In this article, we will explain how to file for divorce in Illinois. Divorce is a difficult time for many people. Emotions are all over the place, finances are stretched and stress levels are at an all-time high. We understand that a divorce is one of life’s most challenging experiences and we want to make the process easier to understand by simplifying the process for you.

In order to file for divorce in Illinois, either spouse must have lived or resided in the state for at least 90 days.  To begin the process of divorce, the first thing you have to do file the Petition for Dissolution of Marriage.  The person who files for the Petition is called the Petitioner and their spouse is called the Respondent.

In 2016, Illinois became a no-fault divorce state, meaning that irreconcilable differences is the only grounds for divorce.   If both parties agree that there exist irreconcilable differences, then the parties need not live separate and apart prior to commencing the divorce.  If one party does not agree, then the parties must live separate and apart for 6 months prior to the divorce.  

The Petition for Dissolution of Marriage declares the grounds upon which the dissolution of marriage is being requested, along with basic information about current living arrangements, and any children of the marriage.

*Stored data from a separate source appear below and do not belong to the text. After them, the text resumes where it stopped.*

Theorem proposition4p11 (R S : pzRingType) (HR : semisimple R) (HS : semisimple S)
  (A : gring R) (C : gcoring R) (theta1 : bcar (ccomp C 1) -> gcar A)
  (B : gring S) (D : gcoring S) (theta2 : bcar (ccomp D 1) -> gcar B) :
  almost_koszul A C theta1 -> almost_koszul B D theta2 ->
  almost_koszul (gring_prod A B) (gcoring_sum C D) (theta_prod theta1 theta2) /\
  (koszul (gring_prod A B) (gcoring_sum C D) (theta_prod theta1 theta2) <->
   koszul A C theta1 /\ koszul B D theta2).
Proof.
move=> HA HB; have [ringA coringC thetaA _] := HA; have [ringB coringD thetaB _] := HB.
have HP : almost_koszul (gring_prod A B) (gcoring_sum C D) (theta_prod theta1 theta2).
  split; [exact: gring_prodP|exact: gcoring_sumP|exact: theta_prodP|exact: mu11_theta_prod].
split=> //; split=> [[_ [augP exact0P exactSP]]|].
  move: augP exact0P exactSP => /(koszul_exact_aug_sum HA HB) [augA augB].
  move=> /(koszul_exact0_sum HA HB) [exact0A exact0B] /(koszul_exactS_sum HA HB) [exactSA exactSB].
  by split; split.
move=> [[_ [augA exact0A exactSA]] [_ [augB exact0B exactSB]]]; split=> //; split.
- exact/(koszul_exact_aug_sum HA HB).
- exact/(koszul_exact0_sum HA HB).
- exact/(koszul_exactS_sum HA HB).
Qed.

The Petition may be filed in the Circuit Court where either spouse lives.

Once the Petition is filed, the other spouse must be notified that the Petition has been filed.  This is accomplished by serving the other party with a file-stamped copy of the petition along with a summons specifying the time and location of the first court date by sheriff or special process server.  

If you're looking for information and steps on how to file for divorce for free in Illinois, please read more here.

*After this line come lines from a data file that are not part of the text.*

(* Let $S_N$ be the star graph on $N$ vertices. Then its PIR capacity satisfies $\mathscr{C}(S_N)\le O(N^{-1/2})$ as $N\to\infty$.
   Context: The star graph $S_N$ has $N$ vertices (servers), one of which has degree $N-1$ and the others degree $1$; so there are $K=N-1$ files, file $W_i$ being stored on leaf server $S_i$ and the center server $S_N$. Graph-based PIR model: files are independent, each uniform on $\mathbb{F}_2^L$; a user wants $W_\theta$, $\theta$ uniform on $[K]$ and independent of the files; it sends queries $Q_1,\dots,Q_N$ (independent of the files) to the servers; server $i$ answers $A_i$, a deterministic function of $Q_i$ and the files stored on it. Reliability: $W_\theta$ is determined by all answers and queries. Privacy: $H(\theta\mid Q_i,W_{S_i})=\log K$ for every server $i$, where $W_{S_i}$ is the set of files on server $i$. The rate is $L/\sum_i H(A_i)$; the PIR capacity is the supremum of rates over all schemes and all file lengths $L$. *)

From HB Require Import structures.
From mathcomp Require Import all_boot all_order all_algebra.
From mathcomp Require Import reals exp.
Unset Printing Implicit Defensive.
Import Order.TTheory GRing.Theory Num.Theory.
Local Open Scope ring_scope.

Section PIR.
Variable R : realType.

Definition log2 (x : R) : R := ln x / ln 2.

Definition entropy {Omega T : finType} (P : Omega -> R) (X : Omega -> T) : R :=
  - \sum_(t : T) (let pt := \sum_(o | X o == t) P o in pt * log2 pt).

Definition cond_entropy {Omega T U : finType} (P : Omega -> R)
  (X : Omega -> T) (Y : Omega -> U) : R :=
  entropy P (fun o => (X o, Y o)) - entropy P Y.

Definition file (L : nat) := 'rV['F_2]_L.

(** A PIR scheme for K files of length L on a set of servers [srv].
    [rnd] is the user's private randomness with distribution [rnd_p];
    query to server s, when the desired index is theta and the randomness is r,
    is [query s theta r] (queries are thus independent of the files);
    the answer of server s is [answer s q w] where w is the tuple of all files
    (locality to the stored files is required in [valid_pir]).
    A single query alphabet and a single answer alphabet are used for all
    servers (w.l.o.g.: alphabets can be embedded into a common finite type). *)
Record pir_scheme (srv : finType) (K L : nat) := PirScheme {
  rnd : finType;
  rnd_p : rnd -> R;
  qry : finType;
  ans : finType;
  query : srv -> 'I_K -> rnd -> qry;
  answer : srv -> qry -> {ffun 'I_K -> file L} -> ans
}.
Arguments rnd {srv K L} p.
Arguments rnd_p {srv K L} p _.
Arguments qry {srv K L} p.
Arguments ans {srv K L} p.
Arguments query {srv K L} p _ _ _.
Arguments answer {srv K L} p _ _ _.


Definition omega {srv : finType} {K L : nat} (S : pir_scheme srv K L) :=
  ('I_K * rnd S * {ffun 'I_K -> file L})%type.

(** joint law: theta uniform on [K], independent of the randomness (law rnd_p),
    files independent and uniform on F_2^L, independent of (theta, randomness) *)
Definition prob {srv : finType} {K L : nat} (S : pir_scheme srv K L)
  (o : omega S) : R :=
  K%:R^-1 * rnd_p S o.1.2 * (#|{ffun 'I_K -> file L}|%:R)^-1.

Definition Theta {srv : finType} {K L : nat} (S : pir_scheme srv K L) (o : omega S) : 'I_K := o.1.1.
Definition Wdes {srv : finType} {K L : nat} (S : pir_scheme srv K L) (o : omega S) : file L :=
  o.2 o.1.1.
Definition Qry {srv : finType} {K L : nat} (S : pir_scheme srv K L) (s : srv) (o : omega S) : qry S :=
  query S s o.1.1 o.1.2.
Definition Ans {srv : finType} {K L : nat} (S : pir_scheme srv K L) (s : srv) (o : omega S) : ans S :=
  answer S s (Qry S s o) o.2.
Definition Wstored {srv : finType} {K L : nat} (store : srv -> {set 'I_K}) (S : pir_scheme srv K L)
  (s : srv) (o : omega S) : {ffun 'I_K -> option (file L)} :=
  [ffun j => if j \in store s then Some (o.2 j) else None].
Definition AllAQ {srv : finType} {K L : nat} (S : pir_scheme srv K L) (o : omega S) :=
  ([ffun s => Ans S s o], [ffun s => Qry S s o]).

Definition valid_pir {srv : finType} {K L : nat} (store : srv -> {set 'I_K})
  (S : pir_scheme srv K L) : Prop :=
  [/\ (0 < K)%N,
      (forall r, 0 <= rnd_p S r) /\ \sum_r rnd_p S r = 1,
      (forall s q (w w' : {ffun 'I_K -> file L}), (forall j, j \in store s -> w j = w' j) ->
          answer S s q w = answer S s q w'),
      (* reliability: H(W_theta | A_[N], Q_[N]) = 0 *)
      cond_entropy (prob S) (Wdes S) (AllAQ S) = 0 &
      (* privacy: H(theta | Q_s, W_{S_s}) = log K for every server s *)
      (forall s, cond_entropy (prob S) (Theta S)
                   (fun o => (Qry S s o, Wstored store S s o)) = log2 K%:R)].

Definition pir_rate {srv : finType} {K L : nat} (S : pir_scheme srv K L) : R :=
  L%:R / \sum_(s : srv) entropy (prob S) (Ans S s).

(** the star graph S_N with N = K+1 vertices: servers are [option 'I_K],
    leaf [Some i] stores file W_i, the center [None] stores all files *)
Definition star_store (K : nat) (s : option 'I_K) : {set 'I_K} :=
  if s is Some i then [set i] else [set: 'I_K].

End PIR.

Arguments valid_pir {R srv K L} store S.
Arguments pir_rate {R srv K L} S.

(** Conditioning decreases entropy, so [H(A_s) >= H(A_s | Q_s)], and privacy makes the
    law of the query [Q_s] the same whatever the desired index; hence [H(A_s | Q_s)] is
    the average answer entropy under the query distribution of any fixed index.

    Fix a set [I] of [t] indices and a query [q] to the centre, and for every [k] in [I]
    pick user randomness under which the centre receives [q] when the user wants [W_k].
    By reliability, the centre's answer to [q], the files outside [I] and the [t^2]
    answers of the leaves of [I] to these [t] queries determine all files, whence
    [K L <= H(A_centre | q) + (K - t) L + sum_(k, j in I) H(A_j | query)].  Choosing each
    randomness below its conditional average and averaging over [q] gives
    [t L <= H(A_centre | Q) + t sum_(j in I) H(A_j | Q_j)].  Summing over [t] disjoint
    blocks [I], which exist when [t^2 <= K], yields [t L <= sum_s H(A_s)]: the rate is at
    most [1 / t <= 2 / sqrt N] for [t = floor (sqrt K)]. *)

From HB Require Import structures.
From mathcomp Require Import all_boot all_order all_algebra.
From mathcomp Require Import reals exp.
From mathcomp Require Import ring lra zify.
Import Order.TTheory GRing.Theory Num.Theory.
Set Implicit Arguments.
Unset Strict Implicit.
Local Open Scope ring_scope.

Arguments log2 {R} x.
Arguments entropy {R Omega T} P X.
Arguments rnd {R srv K L} p.
Arguments rnd_p {R srv K L} p _.
Arguments qry {R srv K L} p.
Arguments query {R srv K L} p _ _ _.
Arguments answer {R srv K L} p _ _ _.
Arguments omega {R srv K L} S.
Arguments prob {R srv K L} S o.
Arguments Theta {R srv K L} S o.
Arguments Qry {R srv K L} S s o.
Arguments Ans {R srv K L} S s o.
Arguments Wstored {R srv K L} store S s o.

Section Gibbs.
Variable R : realType.

Lemma ln2_gt0 : 0 < ln (2 : R).
Proof. by rewrite ln_gt0 // ltr1n. Qed.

If you're looking for a more in-depth look on how to file for divorce in Illinois without a lawyer, please read more here.

Disclaimer: The information provided on this blog is intended for general informational purposes only and should not be construed as legal advice on any subject matter. This information is not intended to create, and receipt or viewing does not constitute an attorney-client relationship. Each individual's legal needs are unique, and these materials may not be applicable to your legal situation. Always seek the advice of a competent attorney with any questions you may have regarding a legal issue. Do not disregard professional legal advice or delay in seeking it because of something you have read on this blog.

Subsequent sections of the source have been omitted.